YOUR TASK
Transcribe the complete listing exactly.

LISTED ENTRIES
(* Let $(S,\omega)$ be a real symplectic vector space with positive polarization $E$ and associated complex structure $j$. For every unitary $h\in U(E)$ such that $h-\mathrm{id}$ is invertible, $$ {\det}^{1/2}\big(\tfrac12\mathrm{id}+iA(\iota(h))\big)=\frac{1}{\det(\mathrm{id}-h^{-1})}.$$
   Context: A positive polarization of $S$ is a Lagrangian subspace $E\subset S\otimes\mathbb C$ with $\frac1i\omega(x,\bar x)>0$ for all nonzero $x\in E$; $E$ carries the Hermitian product $(x,y)\mapsto\frac1i\omega(x,\bar y)$ and $U(E)$ is its unitary group. Let $j$ be the complex structure on $S$ with $E=\ker(j-i\,\mathrm{id})\subset S\otimes\mathbb C$; $\mathrm{sym}(S,j)$ is the space of endomorphisms of $S$ symmetric for the scalar product $\omega(X,jY)$; for $A\in\mathrm{sym}(S,j)$, ${\det}^{1/2}(\tfrac12\mathrm{id}+iA)$ is the square root of $\det(\tfrac12\mathrm{id}+iA)$ depending continuously on $A$ and positive at $A=0$. For $g\in\mathrm{Sp}(S)$ with $\mathrm{id}-g$ invertible, $A(g):=\tfrac12(\mathrm{id}+g)(\mathrm{id}-g)^{-1}j\in\mathrm{sym}(S,j)$. The map $\iota:U(E)\to\mathrm{Sp}(S)$ sends $h$ to the linear symplectomorphism $g$ of $S$ whose complexification acts as $h$ on $E$ and as $\bar h$ on $\overline E$ (its image is the set of elements commuting with $j$). *)

From Stdlib Require Import Reals List.
Open Scope R_scope.

Record Cplx := mkC { Cre : R; Cim : R }.
Definition C0 : Cplx := mkC 0 0.
Definition C1 : Cplx := mkC 1 0.
Definition Ci : Cplx := mkC 0 1.
Definition RC (x : R) : Cplx := mkC x 0.
Definition Cadd (z w : Cplx) : Cplx := mkC (Cre z + Cre w) (Cim z + Cim w).
Definition Copp (z : Cplx) : Cplx := mkC (- Cre z) (- Cim z).
Definition Csub (z w : Cplx) : Cplx := Cadd z (Copp w).
Definition Cmul (z w : Cplx) : Cplx :=
  mkC (Cre z * Cre w - Cim z * Cim w) (Cre z * Cim w + Cim z * Cre w).
Definition Cconj (z : Cplx) : Cplx := mkC (Cre z) (- Cim z).
Definition Cnorm (z : Cplx) : R := sqrt (Cre z ^ 2 + Cim z ^ 2).
(* multiplicative inverse (the value at 0 is irrelevant) *)
Definition Cinv (z : Cplx) : Cplx :=
  let d := Cre z ^ 2 + Cim z ^ 2 in mkC (Cre z / d) (- Cim z / d).

Definition Rsum (n : nat) (f : nat -> R) : R := fold_right Rplus 0 (map f (seq 0 n)).
Definition Csum (n : nat) (f : nat -> Cplx) : Cplx := fold_right Cadd C0 (map f (seq 0 n)).

(* ---------- vectors and matrices (entries outside the size are ignored) ---------- *)
Definition Rvec := nat -> R.
Definition Cvec := nat -> Cplx.
Definition Rmat := nat -> nat -> R.
Definition Cmat := nat -> nat -> Cplx.

Definition Rid : Rmat := fun i k => if Nat.eqb i k then 1 else 0.
Definition Cid : Cmat := fun i k => if Nat.eqb i k then C1 else C0.
Definition Rzero : Rmat := fun _ _ => 0.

EXERCISE SOLUTION
(* Let $(S,\omega)$ be a real symplectic vector space with positive polarization $E$ and associated complex structure $j$. For every unitary $h\in U(E)$ such that $h-\mathrm{id}$ is invertible, $$ {\det}^{1/2}\big(\tfrac12\mathrm{id}+iA(\iota(h))\big)=\frac{1}{\det(\mathrm{id}-h^{-1})}.$$
   Context: A positive polarization of $S$ is a Lagrangian subspace $E\subset S\otimes\mathbb C$ with $\frac1i\omega(x,\bar x)>0$ for all nonzero $x\in E$; $E$ carries the Hermitian product $(x,y)\mapsto\frac1i\omega(x,\bar y)$ and $U(E)$ is its unitary group. Let $j$ be the complex structure on $S$ with $E=\ker(j-i\,\mathrm{id})\subset S\otimes\mathbb C$; $\mathrm{sym}(S,j)$ is the space of endomorphisms of $S$ symmetric for the scalar product $\omega(X,jY)$; for $A\in\mathrm{sym}(S,j)$, ${\det}^{1/2}(\tfrac12\mathrm{id}+iA)$ is the square root of $\det(\tfrac12\mathrm{id}+iA)$ depending continuously on $A$ and positive at $A=0$. For $g\in\mathrm{Sp}(S)$ with $\mathrm{id}-g$ invertible, $A(g):=\tfrac12(\mathrm{id}+g)(\mathrm{id}-g)^{-1}j\in\mathrm{sym}(S,j)$. The map $\iota:U(E)\to\mathrm{Sp}(S)$ sends $h$ to the linear symplectomorphism $g$ of $S$ whose complexification acts as $h$ on $E$ and as $\bar h$ on $\overline E$ (its image is the set of elements commuting with $j$). *)

From Stdlib Require Import Reals List.
Open Scope R_scope.

Record Cplx := mkC { Cre : R; Cim : R }.
Definition C0 : Cplx := mkC 0 0.
Definition C1 : Cplx := mkC 1 0.
Definition Ci : Cplx := mkC 0 1.
Definition RC (x : R) : Cplx := mkC x 0.
Definition Cadd (z w : Cplx) : Cplx := mkC (Cre z + Cre w) (Cim z + Cim w).
Definition Copp (z : Cplx) : Cplx := mkC (- Cre z) (- Cim z).
Definition Csub (z w : Cplx) : Cplx := Cadd z (Copp w).
Definition Cmul (z w : Cplx) : Cplx :=
  mkC (Cre z * Cre w - Cim z * Cim w) (Cre z * Cim w + Cim z * Cre w).
Definition Cconj (z : Cplx) : Cplx := mkC (Cre z) (- Cim z).
Definition Cnorm (z : Cplx) : R := sqrt (Cre z ^ 2 + Cim z ^ 2).
(* multiplicative inverse (the value at 0 is irrelevant) *)
Definition Cinv (z : Cplx) : Cplx :=
  let d := Cre z ^ 2 + Cim z ^ 2 in mkC (Cre z / d) (- Cim z / d).

Definition Rsum (n : nat) (f : nat -> R) : R := fold_right Rplus 0 (map f (seq 0 n)).
Definition Csum (n : nat) (f : nat -> Cplx) : Cplx := fold_right Cadd C0 (map f (seq 0 n)).

(* ---------- vectors and matrices (entries outside the size are ignored) ---------- *)
Definition Rvec := nat -> R.
Definition Cvec := nat -> Cplx.
Definition Rmat := nat -> nat -> R.
Definition Cmat := nat -> nat -> Cplx.

Definition Rid : Rmat := fun i k => if Nat.eqb i k then 1 else 0.
Definition Cid : Cmat := fun i k => if Nat.eqb i k then C1 else C0.
Definition Rzero : Rmat := fun _ _ => 0.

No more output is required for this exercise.